従って、
(01)により、
(02)
① 二 一レ 二 一
④ 下 二 一 上レ 下 二 一 レ 上レ 二 一
といふ「返り点」は、
② 四 三 二 一
⑤ 己 二 一 戊 丁 二 一 二 一 丙 乙 甲
といふ「返り点」に「等しく」、
② 四 三 二 一
⑤ 己 二 一 戊 丁 二 一 二 一 丙 乙 甲
といふ「返り点」は、
③ [ 〔 ( ) 〕 ]
⑥ 〈 ( ){ [ ( )( )〔 ( ) 〕 ] } 〉
といふ「括弧」に、「等しい」。
然るに、
(03)
kirakiraebaさん2010/7/2320:43:43
漢文の朝三暮四で
恐(二) 衆 狙 之 不 (一レ) 馴 (二) 於 己(一) 也、・・・ という文がありました。
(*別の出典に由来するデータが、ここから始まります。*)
From Stdlib Require Import Classical.
From HB Require Import structures.
From mathcomp Require Import all_boot all_order all_algebra all_field all_fingroup.
From mathcomp Require Import cyclic zify.
Set Implicit Arguments. Unset Strict Implicit. Unset Printing Implicit Defensive.
Import GRing.Theory FinRing.Theory.
Local Open Scope ring_scope.

(* Let q be irreducible of degree n+1 over F.  The product f of all minimal
   polynomials not divisible by q kills every matrix M with q not dividing
   mxminpoly M, but not a companion matrix of q; as N(A) = N(M_n(F)), some M
   in A is a root of q, and then F[M], a subfield of A of dimension n+1, acts
   transitively on nonzero columns and on nonzero rows.
   For K = |M_n(F)|!, every c has c^K idempotent, so c (1 - c^K) is
   nilpotent.  If every nilpotent b in A had b^n = 0, then X^n (1 - X^K)
   would kill A but not the nilpotent shift matrix.  So A contains a nilpotent
   b with b^n <> 0; b^n = u v has rank one, and X u v Y with X, Y in F[M]
   yields every matrix unit. *)

Lemma natr_card_finField (F : finFieldType) : #|F|%:R = 0 :> F.
Proof. by have := expg_cardG (in_setT (1 : F)); rewrite cardsT zmodXgE. Qed.

Lemma size_XnsubX (R : nzRingType) m : (1 < m)%N -> size ('X^m - 'X : {poly R}) = m.+1.
Proof. by move=> m_gt1; rewrite size_polyDl ?size_polyXn // size_polyN size_polyX. Qed.

Lemma separable_XnsubX (R : idomainType) m :
  m%:R = 0 :> R -> separable_poly ('X^m - 'X : {poly R}).
Proof.
move=> mR0; rewrite unlock /separable_poly derivB derivXn derivX.
rewrite -mulr_natr -polyC_natr mR0 mulr0 sub0r.
by apply/coprimepP => d _; rewrite dvdpNr dvdp1 size_poly_eq1.
Qed.

Section FiniteFieldExtension.
Variable F : finFieldType.
Local Notation Q := #|F|.

Lemma size_uniq_fieldExt (L : fieldExtType F) (rs : seq L) :
  uniq rs -> (size rs <= Q ^ \dim {:L})%N.
Proof.
move=> rs_uniq; have QD_gt1 : (1 < Q ^ \dim {:L})%N.
  by rewrite -(expn0 Q) ltn_exp2l ?finNzRing_gt1 ?adim_gt0.
rewrite -ltnS -(size_XnsubX L QD_gt1) max_poly_roots //.
  by rewrite -size_poly_gt0 size_XnsubX.
apply/allP => r _; rewrite /root !hornerE subr_eq0.
by rewrite -Fermat's_little_theorem memvf.
Qed.

Lemma dim_dvdn_of_roots (L : splittingFieldType F) N (rs : seq L) :
  <<1 & rs>>%VS = fullv -> {in rs, forall r, r ^+ (Q ^ N) = r} ->
  (\dim {:L} %| N)%N.
Proof.
move=> defL rs_roots.
have [alpha gen_alpha Dalpha] := finField_galois_generator (sub1v {:L}%AS).
have alpha_gal : alpha \in ('Gal({:L} / 1))%g by rewrite (eqP gen_alpha) cycle_id.
have alphaX k x : (alpha ^+ k)%g x = x ^+ (Q ^ k).
  elim: k => [|k IHk]; first by rewrite expg0 gal_id expr1.
  by rewrite expgSr galM ?memvf // IHk Dalpha ?memvf // dimv1 -exprM expnSr.
have alphaN1 : (alpha ^+ N)%g = 1%g.
  apply/eqP/gal_eqP => x _; rewrite gal_id.
  suff : (fullv <= fixedField [set (alpha ^+ N)%g])%VS.
    by move/subvP/(_ x (memvf x))/mem_fixedFieldP => [_ /(_ _ (set11 _))].
  rewrite -defL; apply/Fadjoin_seqP; split => [|r rs_r].
    apply/subvP => a a1; apply/fixedFieldP; rewrite ?memvf // => _ /set1P ->.
    by rewrite (fixed_gal (sub1v _)) // groupX.
  by apply/fixedFieldP; rewrite ?memvf // => _ /set1P ->; rewrite alphaX rs_roots.
have : (#[alpha]%g %| N)%N by rewrite order_dvdn alphaN1.
by rewrite /order -(eqP gen_alpha) -galois_dim ?finField_galois ?sub1v // dimv1 divn1.
Qed.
この文を帰り点に従って訓読すると「衆狙の馴れざらんことを恐るる己に馴れ也、・・・」となり
「馴」を二回読んでしまうのですがこれは正しいですか。
( )内は返り点です。
noname#100659
漢文についてお聞きします。
(数字)は、返り点を表します。レ点はカタカナの(レ)で書きます。
漢文の教科書に次のような文章が出てきます。
例文は有名な朝三暮四です。
恐(2)衆狙之不(1+レ)馴(2)於己(1)也、先誑(レ)之曰、・・・(以下略)。
(読み下しは、衆狙の己に馴れざらんことを恐るるや、先づこれを誑きて曰く・・です。)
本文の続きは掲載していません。